(EXTRACTED INFORMATION begins)

Lemma Sylow_Alt_tree_altJ (P : {group {perm 'I_(2 ^ k)}}) :
  2.-Sylow('Alt_('I_(2 ^ k))) P -> exists g, P :=: tree_alt :^ g.
Proof.
move=> sylP; have [g _ sPTg] := Sylow_subJ tree_aut_Sylow (subsetT P) (pHall_pgroup sylP).
have AltJ : 'Alt_('I_(2 ^ k)) :^ g = 'Alt_('I_(2 ^ k)).
  by apply/normP; rewrite (subsetP (normal_norm (Alt_normal _))) ?inE.
exists g; rewrite conjIg AltJ.
apply/esym; apply: (sub_pHall sylP _ _ (subsetIr _ _)).
  by apply: pgroupS (subsetIl _ _) _; rewrite pgroupJ (pHall_pgroup tree_aut_Sylow).
by rewrite subsetI sPTg (pHall_sub sylP).
Qed.

End TreeAlt.

Local Open Scope group_scope.

Theorem mainTheorem18 (k : nat) (P : {group {perm 'I_(2 ^ k)}})
  (HP : 2.-Sylow('Alt_('I_(2 ^ k))) P) :
  P^`(1) = squares_subgroup P /\ 'Phi(P) = P^`(1).
Proof.
have sqP : sqr_in_der1 P.
  have [g ->] := Sylow_Alt_tree_altJ HP.
  exact: sqr_in_der1J (sqr_in_der1_gen_invol (tree_alt_gen_invol k)).
split; first exact: der1_squares_subgroup.
exact: Phi_der1_2group (pHall_pgroup HP) sqP.
Qed.
(* Let $C\ge 1$. If there exists a $C$-competitive online algorithm for $\textsc{Strip-Packing}$, then for every $n$ there exists a $4C$-competitive online algorithm for $\textsc{Online-Sorting}[2C,n]$.
   Context: $\textsc{Strip-Packing}$: pieces are convex polygons arriving one at a time; each must be placed irrevocably, by translation only, inside the strip $[0,\infty)\times[0,1]$, interior-disjoint from previously placed pieces, before the next piece is revealed. The cost is the largest $x$-coordinate of a point of a placed piece. An algorithm $\mathcal A$ is $C$-competitive if $\mathcal A(I)\le C\cdot\mathrm{OPT}(I)$ for every instance $I$, where $\mathrm{OPT}(I)$ is the offline optimal cost. $\textsc{Online-Sorting}[\gamma,n]$: an array of $\gamma n$ initially empty cells; a stream of $n$ reals in $[0,1]$ arrives one at a time and each must be placed irrevocably into an empty cell before the next is revealed. With $r_1,\dots,r_n$ the reals in left-to-right order in the array, $r_0:=0$, $r_{n+1}:=1$, the cost is $\sum_{i=0}^n|r_{i+1}-r_i|$; the offline optimum is $1$, and an algorithm is $\Delta$-competitive if its cost is at most $\Delta$ on every stream. *)

From Stdlib Require Import Reals Lra List.
Import ListNotations.
Open Scope R_scope.

Definition Point := (R * R)%type.

(* A piece is given by a finite list of points; the piece itself is their
   convex hull. *)
Definition Piece := list Point.

Fixpoint sumR (l : list R) : R :=
  match l with nil => 0 | x :: l' => x + sumR l' end.

Definition in_hull (vs : list Point) (p : Point) : Prop :=
  exists ws : list R,
    length ws = length vs /\
    Forall (fun w => 0 <= w) ws /\
    sumR ws = 1 /\
    fst p = sumR (map (fun wv => fst wv * fst (snd wv)) (combine ws vs)) /\
    snd p = sumR (map (fun wv => fst wv * snd (snd wv)) (combine ws vs)).

(* A genuine convex polygon: its hull has nonempty interior, i.e. three
   of its vertices are not collinear. *)
Definition is_polygon (P : Piece) : Prop :=
  exists a b c, In a P /\ In b P /\ In c P /\
    (fst b - fst a) * (snd c - snd a) - (snd b - snd a) * (fst c - fst a) <> 0.

Definition translate (t : Point) (P : Piece) : Piece :=
  map (fun v => (fst v + fst t, snd v + snd t)) P.

Definition region (P : Piece) (t : Point) : Point -> Prop :=
  in_hull (translate t P).

Definition interior (S : Point -> Prop) (p : Point) : Prop :=
  exists e, 0 < e /\
    forall q, (fst q - fst p)^2 + (snd q - snd p)^2 < e^2 -> S q.

Definition interior_disjoint (S T : Point -> Prop) : Prop :=
  forall p, ~ (interior S p /\ interior T p).

Definition in_strip (S : Point -> Prop) : Prop :=
  forall p, S p -> 0 <= fst p /\ 0 <= snd p <= 1.

Definition valid_piece (P : Piece) : Prop :=
  is_polygon P /\ exists t, in_strip (region P t).

Definition feasible_packing (I : list Piece) (ts : list Point) : Prop :=
  length ts = length I /\
  forall i, (i < length I)%nat ->
    in_strip (region (nth i I nil) (nth i ts (0,0))) /\
    forall j, (j < i)%nat ->
      interior_disjoint (region (nth j I nil) (nth j ts (0,0)))
                        (region (nth i I nil) (nth i ts (0,0))).
(* Let $\mathcal L:\mathbb F^{q\times q}\to\mathbb F^{n\times n}$ be a $*$-linear map with Choi matrix $\mathbb L$ and matricization $L=[L_{ij}]$, and set $m=\operatorname{rank}\mathbb L$. Then: (a) for any matrices $L_1,\ldots,L_m\in\mathbb F^{n\times q}$ with $\operatorname{span}\{L_1,\ldots,L_m\}=\operatorname{span}\{L_{ij}: 1\le i\le n,\ 1\le j\le q\}$, the matrices $A_1,\ldots,A_m$ and $\mathbb H=\mathbb H(\mathcal L;L_1,\ldots,L_m)$ produced by the construction below give a minimal Hill representation $\mathcal L(V)=\sum_{k,l=1}^m \mathbb H_{kl}A_lVA_k^*$ of $\mathcal L$ (for any admissible choice of the scalars $\beta^k_{ij}$); (b) every minimal Hill representation of $\mathcal L$ is obtained in this way from some such $L_1,\ldots,L_m$; (c) the matrices $A_1,\ldots,A_m$ of any minimal Hill representation of $\mathcal L$ satisfy $\operatorname{span}\{A_1,\ldots,A_m\}=\operatorname{span}\{L_{ij}: 1\le i\le n,\ 1\le j\le q\}$; (d) conversely, any $A_1,\ldots,A_m\in\mathbb F^{n\times q}$ satisfying the span identity in (c) appear as the matrices of some minimal Hill representation of $\mathcal L$.
   Context: $\mathbb F\in\{\mathbb R,\mathbb C\}$. For $T\in\mathbb F^{r\times s}$, $\operatorname{vec}_{r\times s}(T)\in\mathbb F^{rs}$ is the column-stacking vectorization (its $((j-1)r+i)$-th entry is $T_{ij}$). $\mathcal E^{(q)}_{ij}$ denotes the standard basis matrix of $\mathbb F^{q\times q}$ with $1$ in position $(i,j)$. For a linear map $\mathcal L:\mathbb F^{q\times q}\to\mathbb F^{n\times n}$: its matricization is the matrix $L\in\mathbb F^{n^2\times q^2}$ with $L\operatorname{vec}_{q\times q}(V)=\operatorname{vec}_{n\times n}(\mathcal L(V))$ for all $V$, written in block form $L=[L_{ij}]$, $1\le i\le n$, $1\le j\le q$, with blocks $L_{ij}\in\mathbb F^{n\times q}$; its Choi matrix is $\mathbb L=[\mathcal L(\mathcal E^{(q)}_{ij})]_{i,j=1}^q\in\mathbb F^{nq\times nq}$. $\mathcal L$ is $*$-linear if $\mathcal L(V^* )=\mathcal L(V)^*$ for all $V$. A Hill representation of $\mathcal L$ is an identity $\mathcal L(V)=\sum_{k,l=1}^m\mathbb H_{kl}A_lVA_k^*$ for all $V\in\mathbb F^{q\times q}$, with $A_1,\ldots,A_m\in\mathbb F^{n\times q}$ and $\mathbb H=[\mathbb H_{kl}]\in\mathbb F^{m\times m}$ (the Hill matrix); it is minimal if $m$ is the smallest possible among all Hill representations of $\mathcal L$. Construction: given $L_1,\ldots,L_m\in\mathbb F^{n\times q}$ whose span equals $\operatorname{span}\{L_{ij}\}$ (where $m=\operatorname{rank}\mathbb L=\dim\operatorname{span}\{L_{ij}\}$, so the $L_k$ are linearly independent), let $\alpha^{ij}_k$ be the unique scalars with $L_{ij}=\sum_{k=1}^m\alpha^{ij}_kL_k$ and let $\beta^k_{ij}$ be any scalars with $L_k=\sum_{i=1}^n\sum_{j=1}^q\beta^k_{ij}L_{ij}$. Set $A_k\in\mathbb F^{n\times q}$ with $(i,j)$ entry $\overline{\alpha^{ij}_k}$, $B_k\in\mathbb F^{n\times q}$ with $(i,j)$ entry $\beta^k_{ij}$, and $\mathbb H(\mathcal L;L_1,\ldots,L_m)=[\vec{\mathbf 1}_n^*(B_k\circ\overline{L_l})\vec{\mathbf 1}_q]_{k,l=1}^m=[\operatorname{trace}(B_kL_l^* )]_{k,l=1}^m$, where $\circ$ is the Hadamard (entrywise) product and $\vec{\mathbf 1}_p$ the all-ones vector in $\mathbb F^p$. *)

From HB Require Import structures.
From mathcomp Require Import all_boot all_order all_algebra.
From mathcomp Require Import reals complex.
Set Implicit Arguments. Unset Strict Implicit. Unset Printing Implicit Defensive.
Import Order.TTheory GRing.Theory Num.Theory.
Local Open Scope ring_scope.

(EXTRACTED INFORMATION ends)

REQUIREMENT —
From the data above, output exactly the lines between the one containing "2.-Sylow('Alt_('I_(2 ^ k))) P ->" and the one containing "(* Let $C\ge", counting both of them.

EXERCISE ANSWER —
  2.-Sylow('Alt_('I_(2 ^ k))) P -> exists g, P :=: tree_alt :^ g.
Proof.
move=> sylP; have [g _ sPTg] := Sylow_subJ tree_aut_Sylow (subsetT P) (pHall_pgroup sylP).
have AltJ : 'Alt_('I_(2 ^ k)) :^ g = 'Alt_('I_(2 ^ k)).
  by apply/normP; rewrite (subsetP (normal_norm (Alt_normal _))) ?inE.
exists g; rewrite conjIg AltJ.
apply/esym; apply: (sub_pHall sylP _ _ (subsetIr _ _)).
  by apply: pgroupS (subsetIl _ _) _; rewrite pgroupJ (pHall_pgroup tree_aut_Sylow).
by rewrite subsetI sPTg (pHall_sub sylP).
Qed.

End TreeAlt.

Local Open Scope group_scope.

Theorem mainTheorem18 (k : nat) (P : {group {perm 'I_(2 ^ k)}})
  (HP : 2.-Sylow('Alt_('I_(2 ^ k))) P) :
  P^`(1) = squares_subgroup P /\ 'Phi(P) = P^`(1).
Proof.
have sqP : sqr_in_der1 P.
  have [g ->] := Sylow_Alt_tree_altJ HP.
  exact: sqr_in_der1J (sqr_in_der1_gen_invol (tree_alt_gen_invol k)).
split; first exact: der1_squares_subgroup.
exact: Phi_der1_2group (pHall_pgroup HP) sqP.
Qed.
(* Let $C\ge 1$. If there exists a $C$-competitive online algorithm for $\textsc{Strip-Packing}$, then for every $n$ there exists a $4C$-competitive online algorithm for $\textsc{Online-Sorting}[2C,n]$.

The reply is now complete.